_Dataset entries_
--
(* Let $\gamma$ be a gauge on $\mathbb{R}^d$ with skewness $\sigma$, and let $v\in\mathbb{R}^d$ with $\gamma(v)=1$. Then $v\in \mathrm{SD}_\gamma$ if and only if $-\frac{1}{\sigma}\,\partial\gamma(v)\subseteq\partial\gamma(-v)$.
   Context: A gauge $\gamma$ on $\mathbb{R}^d$ is the Minkowski functional of a convex compact set $B_\gamma=\{x:\gamma(x)\le 1\}$ having the origin in its interior; it is positive except at $0$, positively homogeneous, and subadditive, but not necessarily symmetric. The dual gauge is $\gamma^\circ(p)=\max\{\langle p,x\rangle:\gamma(x)=1\}$, with unit ball $B_{\gamma^\circ}$ and boundary $\partial B_{\gamma^\circ}=\{p:\gamma^\circ(p)=1\}$. For $x\neq 0$, the subdifferential is $\partial\gamma(x)=\{p\in\partial B_{\gamma^\circ}:\langle p,x\rangle=\gamma(x)\}$ (and $\partial\gamma(0)=B_{\gamma^\circ}$). The skewness of $\gamma$ is $\sigma=\sup_{x\neq 0}\gamma(x)/\gamma(-x)$ (so $\sigma\ge 1$, with equality iff $\gamma$ is a norm). The set of skewness directions is $\mathrm{SD}_\gamma=\{v\in\mathbb{R}^d:\gamma(v)=\sigma\,\gamma(-v)=1\}$. *)

From HB Require Import structures.
From mathcomp Require Import all_boot all_order all_algebra.
From mathcomp Require Import all_classical all_reals all_analysis.
Set Implicit Arguments. Unset Strict Implicit. Unset Printing Implicit Defensive.
Import Order.TTheory GRing.Theory Num.Theory.
Import numFieldNormedType.Exports.
Local Open Scope classical_set_scope.
Local Open Scope ring_scope.

Section Gauge.
Variables (R : realType) (d : nat).
Local Notation V := 'rV[R]_d.

Definition dotp (p x : V) : R := \sum_(i < d) p ord0 i * x ord0 i.

Definition convex_setR (B : set V) : Prop :=
  forall x y (t : R), 0 <= t -> t <= 1 -> B x -> B y -> B (t *: x + (1 - t) *: y).

Definition minkowski (B : set V) (x : V) : R :=
  inf [set t : R | 0 < t /\ B (t^-1 *: x)].

Definition is_gauge (gamma : V -> R) : Prop :=
  exists B : set V, [/\ convex_setR B, compact B, B^° 0
                      & forall x, gamma x = minkowski B x].

(* dual gauge: gamma°(p) = max { <p,x> : gamma(x) = 1 } (max written as sup;
   the maximum is attained by compactness) *)
Definition dual_gauge (gamma : V -> R) (p : V) : R :=
  sup [set dotp p x | x in [set x | gamma x = 1]].

Definition subdiff (gamma : V -> R) (x : V) : set V :=
  if x == 0 then [set p | dual_gauge gamma p <= 1]
  else [set p | dual_gauge gamma p = 1 /\ dotp p x = gamma x].

Definition skewness (gamma : V -> R) : R :=
  sup [set gamma x / gamma (- x) | x in [set x : V | x != 0]].

Definition SD (gamma : V -> R) : set V :=
  [set v | gamma v = 1 /\ skewness gamma * gamma (- v) = 1].

End Gauge.

From Pilot Require Import Defs.
From HB Require Import structures.
From mathcomp Require Import all_boot all_order all_algebra.
From mathcomp Require Import all_classical all_reals all_analysis.
From mathcomp Require Import lra ring.
Set Implicit Arguments. Unset Strict Implicit. Unset Printing Implicit Defensive.
Import Order.TTheory GRing.Theory Num.Theory.
Import numFieldNormedType.Exports.
Local Open Scope classical_set_scope.
Local Open Scope ring_scope.

(* Write [s] for the skewness of the gauge [gamma].
   A gauge is a positive sublinear functional, and for such a functional the
   subdifferential at x <> 0 is the set of linear forms p with p <= gamma
   everywhere and <p, x> = gamma x (lemma [subdiffE]).
   (->) If s * gamma(-v) = 1 and p is in the subdifferential at v, then
   q := -p/s satisfies q(y) = p(-y)/s <= gamma(-y)/s <= gamma(y), by the
   definition of s, and <q, -v> = 1/s = gamma(-v).
   (<-) Pick some p in the subdifferential at v; then -p/s is in the
   subdifferential at -v, so gamma(-v) = <-p/s, -v> = 1/s.
   The only non-trivial ingredient is that the subdifferential at v is
   non-empty, a finite-dimensional Hahn-Banach theorem ([subgradient_exists]).
   It is obtained by repeatedly replacing a sublinear functional h by its
   directional derivative at some point u: this is again sublinear, below h,
   linear along u, and keeps linearity along previously treated directions.
   Doing this at v and then along the d basis vectors yields a linear
   functional below gamma which agrees with gamma at v. *)

Section Sublinear.
Variables (R : realType) (V : lmodType R).

Definition sublinear (h : V -> R) : Prop := [/\ h 0 = 0,
  forall c x, 0 < c -> h (c *: x) = c * h x &
  forall x y, h (x + y) <= h x + h y].

Definition diff_quot (h : V -> R) (u y : V) (t : R) : R :=
  (h (u + t *: y) - h u) / t.
Definition dir_deriv (h : V -> R) (u y : V) : R :=
  inf [set diff_quot h u y t | t in [set t : R | 0 < t]].

Definition linear_along (h : V -> R) (w : V) : Prop := h w + h (- w) = 0.

Variable h : V -> R.
Hypothesis h_sublin : sublinear h.

Lemma sublinear_homo c x : 0 <= c -> h (c *: x) = c * h x.
Proof.
case: h_sublin => h0 hZ _; rewrite le_eqVlt => /orP [/eqP <-|]; last exact: hZ.
by rewrite scale0r mul0r h0.
Qed.

Lemma diff_quot_lb u y t : 0 < t -> - h (- y) <= diff_quot h u y t.
Proof.
case: h_sublin => _ hZ hD t0; rewrite /diff_quot ler_pdivlMr //.
have := hD (u + t *: y) (t *: - y); rewrite hZ // scalerN addrK; lra.
Qed.

Lemma dir_deriv_le u y t : 0 < t -> dir_deriv h u y <= diff_quot h u y t.
Proof.
move=> t0; apply: ge_inf; last by exists t.
by exists (- h (- y)) => _ [s s0 <-]; exact: diff_quot_lb.
Qed.

Lemma dir_deriv_ge u y c :
  (forall t, 0 < t -> c <= diff_quot h u y t) -> c <= dir_deriv h u y.
Proof.
move=> Hc; apply: lb_le_inf; first by exists (diff_quot h u y 1), 1 => //=.
by move=> _ [s s0 <-]; exact: Hc.
Qed.

Lemma dir_deriv_le_fun u y : dir_deriv h u y <= h y.
Proof.
case: h_sublin => _ _ hD; apply: (le_trans (dir_deriv_le u y ltr01)).
rewrite /diff_quot divr1 scale1r; have := hD u y; lra.
Qed.

(* by convexity, difference quotients are nondecreasing in t *)
Lemma diff_quot_mono u y s t : 0 < s -> s <= t ->
  diff_quot h u y s <= diff_quot h u y t.
Proof.
case: h_sublin => _ hZ hD s0 st; have t0 : 0 < t := lt_le_trans s0 st.
have convex_comb : u + s *: y = (s / t) *: (u + t *: y) + (1 - s / t) *: u.
  rewrite scalerDr scalerA scalerBl scale1r.
  have -> : s / t * t = s by field; rewrite gt_eqF.
  by rewrite [RHS]addrC addrA subrK.
have := hD ((s / t) *: (u + t *: y)) ((1 - s / t) *: u).
rewrite -convex_comb hZ ?divr_gt0 // sublinear_homo; last first.
  by rewrite subr_ge0 ler_pdivrMr // mul1r.
rewrite mulrBl mul1r => H.
rewrite /diff_quot ler_pdivrMr //.
have -> : (h (u + t *: y) - h u) / t * s = s / t * h (u + t *: y) - s / t * h u.
  by ring.
lra.
Qed.

Lemma diff_quot_scale u y c t : 0 < c -> 0 < t ->
  diff_quot h u (c *: y) t = c * diff_quot h u y (c * t).
Proof.
move=> c0 t0; rewrite /diff_quot scalerA (mulrC t c).
by field; apply/andP; split; rewrite gt_eqF.
Qed.

Lemma dir_deriv0 u : dir_deriv h u 0 = 0.
Proof.
have q0 t : diff_quot h u 0 t = 0 by rewrite /diff_quot scaler0 addr0 subrr mul0r.
apply/le_anti/andP; split; first by have := dir_deriv_le u 0 ltr01; rewrite q0.
by apply: dir_deriv_ge => t _; rewrite q0.
Qed.

Lemma dir_deriv_homo u c y : 0 < c -> dir_deriv h u (c *: y) = c * dir_deriv h u y.
Proof.
move=> c0; apply/le_anti/andP; split.
  rewrite -ler_pdivrMl //; apply: dir_deriv_ge => t t0; rewrite ler_pdivrMl //.
  have := dir_deriv_le u (c *: y) (divr_gt0 t0 c0).
  rewrite diff_quot_scale ?divr_gt0 //.
  by have -> : c * (t / c) = t by field; rewrite gt_eqF.
apply: dir_deriv_ge => t t0; rewrite diff_quot_scale // ler_pM2l //.
by apply: dir_deriv_le; rewrite mulr_gt0.
Qed.

Lemma dir_deriv_subadd u y z :
  dir_deriv h u (y + z) <= dir_deriv h u y + dir_deriv h u z.
Proof.
case: h_sublin => _ hZ hD.
suff : dir_deriv h u (y + z) - dir_deriv h u z <= dir_deriv h u y by lra.
apply: dir_deriv_ge => s1 s10.
suff : dir_deriv h u (y + z) - diff_quot h u y s1 <= dir_deriv h u z by lra.
apply: dir_deriv_ge => s2 s20.
suff : dir_deriv h u (y + z) <= diff_quot h u y s1 + diff_quot h u z s2 by lra.
set m := Num.min s1 s2.
have m0 : 0 < m by rewrite lt_min s10 s20.
have m2_0 : 0 < m / 2 by rewrite divr_gt0.
apply: le_trans (dir_deriv_le u (y + z) m2_0) _.
have m1 : m <= s1 by rewrite ge_min lexx.
have m2 : m <= s2 by rewrite ge_min lexx orbT.
apply: le_trans (lerD (diff_quot_mono u y m0 m1) (diff_quot_mono u z m0 m2)).
have midpoint : u + (m / 2) *: (y + z) =
    2^-1 *: (u + m *: y) + 2^-1 *: (u + m *: z).
  rewrite !scalerDr !scalerA addrACA -scalerDl.
  congr (_ + _); last by rewrite (mulrC m).
  have -> : (2^-1 + 2^-1 : R) = 1 by field.
  by rewrite scale1r.
have := hD (2^-1 *: (u + m *: y)) (2^-1 *: (u + m *: z)).
rewrite -midpoint !hZ ?invr_gt0 // /diff_quot => H.
have -> : (h (u + (m / 2) *: (y + z)) - h u) / (m / 2) =
    (2 * (h (u + (m / 2) *: (y + z)) - h u)) / m by field; rewrite gt_eqF.
rewrite -mulrDl ler_pM2r ?invr_gt0 //; lra.
Qed.

Lemma dir_deriv_sublinear u : sublinear (dir_deriv h u).
Proof. by split; [exact: dir_deriv0 | exact: dir_deriv_homo | exact: dir_deriv_subadd]. Qed.

Lemma linear_along_below (k : V -> R) w : sublinear k -> (forall y, k y <= h y) ->
  linear_along h w -> linear_along k w.
Proof.
case=> k0 _ kD k_le hw; apply/le_anti/andP; split.
  by have := k_le w; have := k_le (- w); rewrite /linear_along in hw; lra.
by have := kD w (- w); rewrite subrr k0.
Qed.

Lemma dir_deriv_linear_along u w :
  linear_along h w -> linear_along (dir_deriv h u) w.
Proof.
by apply: linear_along_below; [exact: dir_deriv_sublinear | exact: dir_deriv_le_fun].
Qed.

(* h'(u; -u) <= -h(u); together with h'(u; u) <= h(u) this makes the
   directional derivative at u linear along u *)
Lemma dir_deriv_opp_self u : dir_deriv h u (- u) <= - h u.
Proof.
case: h_sublin => _ hZ _; have h2 : (0 : R) < 2^-1 by rewrite invr_gt0.
apply: le_trans (dir_deriv_le u (- u) h2) _; rewrite /diff_quot scalerN.
have -> : u - 2^-1 *: u = 2^-1 *: u.
  by rewrite -{1}(scale1r u) -scalerBl; congr (_ *: _); field.
by rewrite hZ //; have -> : (2^-1 * h u - h u) / 2^-1 = - h u by field.
Qed.

Lemma dir_deriv_linear_self u : linear_along (dir_deriv h u) u.
Proof.
case: (dir_deriv_sublinear u) => D0 _ DD; apply/le_anti/andP; split.
  by have := dir_deriv_le_fun u u; have := dir_deriv_opp_self u; lra.
by have := DD u (- u); rewrite subrr D0.
Qed.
--
_WHAT THE EXERCISE ASKS_
For this exercise, repeat exactly the lines of the data above from the one with "(* dual gauge: gamma°(p)" down to the one with "(* Write [s]", both end lines included.

_ANSWER SECTION_
(* dual gauge: gamma°(p) = max { <p,x> : gamma(x) = 1 } (max written as sup;
   the maximum is attained by compactness) *)
Definition dual_gauge (gamma : V -> R) (p : V) : R :=
  sup [set dotp p x | x in [set x | gamma x = 1]].

Definition subdiff (gamma : V -> R) (x : V) : set V :=
  if x == 0 then [set p | dual_gauge gamma p <= 1]
  else [set p | dual_gauge gamma p = 1 /\ dotp p x = gamma x].

Definition skewness (gamma : V -> R) : R :=
  sup [set gamma x / gamma (- x) | x in [set x : V | x != 0]].

Definition SD (gamma : V -> R) : set V :=
  [set v | gamma v = 1 /\ skewness gamma * gamma (- v) = 1].

End Gauge.

From Pilot Require Import Defs.
From HB Require Import structures.
From mathcomp Require Import all_boot all_order all_algebra.
From mathcomp Require Import all_classical all_reals all_analysis.
From mathcomp Require Import lra ring.
Set Implicit Arguments. Unset Strict Implicit. Unset Printing Implicit Defensive.
Import Order.TTheory GRing.Theory Num.Theory.
Import numFieldNormedType.Exports.
Local Open Scope classical_set_scope.
Local Open Scope ring_scope.

(* Write [s] for the skewness of the gauge [gamma].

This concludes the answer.